Problem description
What is wanted is every record, duplicated word for word.

■ ■ ■ ■ ■ ■ ■

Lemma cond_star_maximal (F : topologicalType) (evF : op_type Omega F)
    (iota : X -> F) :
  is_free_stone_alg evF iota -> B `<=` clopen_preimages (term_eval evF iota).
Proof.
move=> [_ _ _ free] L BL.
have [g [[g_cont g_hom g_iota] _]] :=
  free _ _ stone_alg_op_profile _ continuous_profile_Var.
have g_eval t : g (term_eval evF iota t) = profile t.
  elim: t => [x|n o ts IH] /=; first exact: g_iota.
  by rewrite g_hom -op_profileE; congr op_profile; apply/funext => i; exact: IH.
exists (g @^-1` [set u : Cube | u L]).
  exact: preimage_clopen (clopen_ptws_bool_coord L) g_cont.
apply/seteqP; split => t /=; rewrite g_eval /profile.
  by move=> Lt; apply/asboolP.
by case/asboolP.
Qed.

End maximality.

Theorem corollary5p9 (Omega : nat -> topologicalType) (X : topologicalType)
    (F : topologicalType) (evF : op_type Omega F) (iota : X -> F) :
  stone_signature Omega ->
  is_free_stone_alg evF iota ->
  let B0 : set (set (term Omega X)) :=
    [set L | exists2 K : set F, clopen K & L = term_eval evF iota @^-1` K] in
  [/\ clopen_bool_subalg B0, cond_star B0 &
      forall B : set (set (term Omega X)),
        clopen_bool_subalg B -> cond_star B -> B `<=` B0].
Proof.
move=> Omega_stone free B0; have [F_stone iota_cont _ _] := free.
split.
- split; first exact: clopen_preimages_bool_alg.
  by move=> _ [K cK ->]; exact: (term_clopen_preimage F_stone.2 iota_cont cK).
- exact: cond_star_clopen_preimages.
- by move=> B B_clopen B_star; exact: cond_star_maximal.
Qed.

■ ■ ■ ■ ■ ■ ■

Solution to this problem
Lemma cond_star_maximal (F : topologicalType) (evF : op_type Omega F)
    (iota : X -> F) :
  is_free_stone_alg evF iota -> B `<=` clopen_preimages (term_eval evF iota).
Proof.
move=> [_ _ _ free] L BL.
have [g [[g_cont g_hom g_iota] _]] :=
  free _ _ stone_alg_op_profile _ continuous_profile_Var.
have g_eval t : g (term_eval evF iota t) = profile t.
  elim: t => [x|n o ts IH] /=; first exact: g_iota.
  by rewrite g_hom -op_profileE; congr op_profile; apply/funext => i; exact: IH.
exists (g @^-1` [set u : Cube | u L]).
  exact: preimage_clopen (clopen_ptws_bool_coord L) g_cont.
apply/seteqP; split => t /=; rewrite g_eval /profile.
  by move=> Lt; apply/asboolP.
by case/asboolP.
Qed.

End maximality.

Theorem corollary5p9 (Omega : nat -> topologicalType) (X : topologicalType)
    (F : topologicalType) (evF : op_type Omega F) (iota : X -> F) :
  stone_signature Omega ->
  is_free_stone_alg evF iota ->
  let B0 : set (set (term Omega X)) :=
    [set L | exists2 K : set F, clopen K & L = term_eval evF iota @^-1` K] in
  [/\ clopen_bool_subalg B0, cond_star B0 &
      forall B : set (set (term Omega X)),
        clopen_bool_subalg B -> cond_star B -> B `<=` B0].
Proof.
move=> Omega_stone free B0; have [F_stone iota_cont _ _] := free.
split.
- split; first exact: clopen_preimages_bool_alg.
  by move=> _ [K cK ->]; exact: (term_clopen_preimage F_stone.2 iota_cont cK).
- exact: cond_star_clopen_preimages.
- by move=> B B_clopen B_star; exact: cond_star_maximal.
Qed.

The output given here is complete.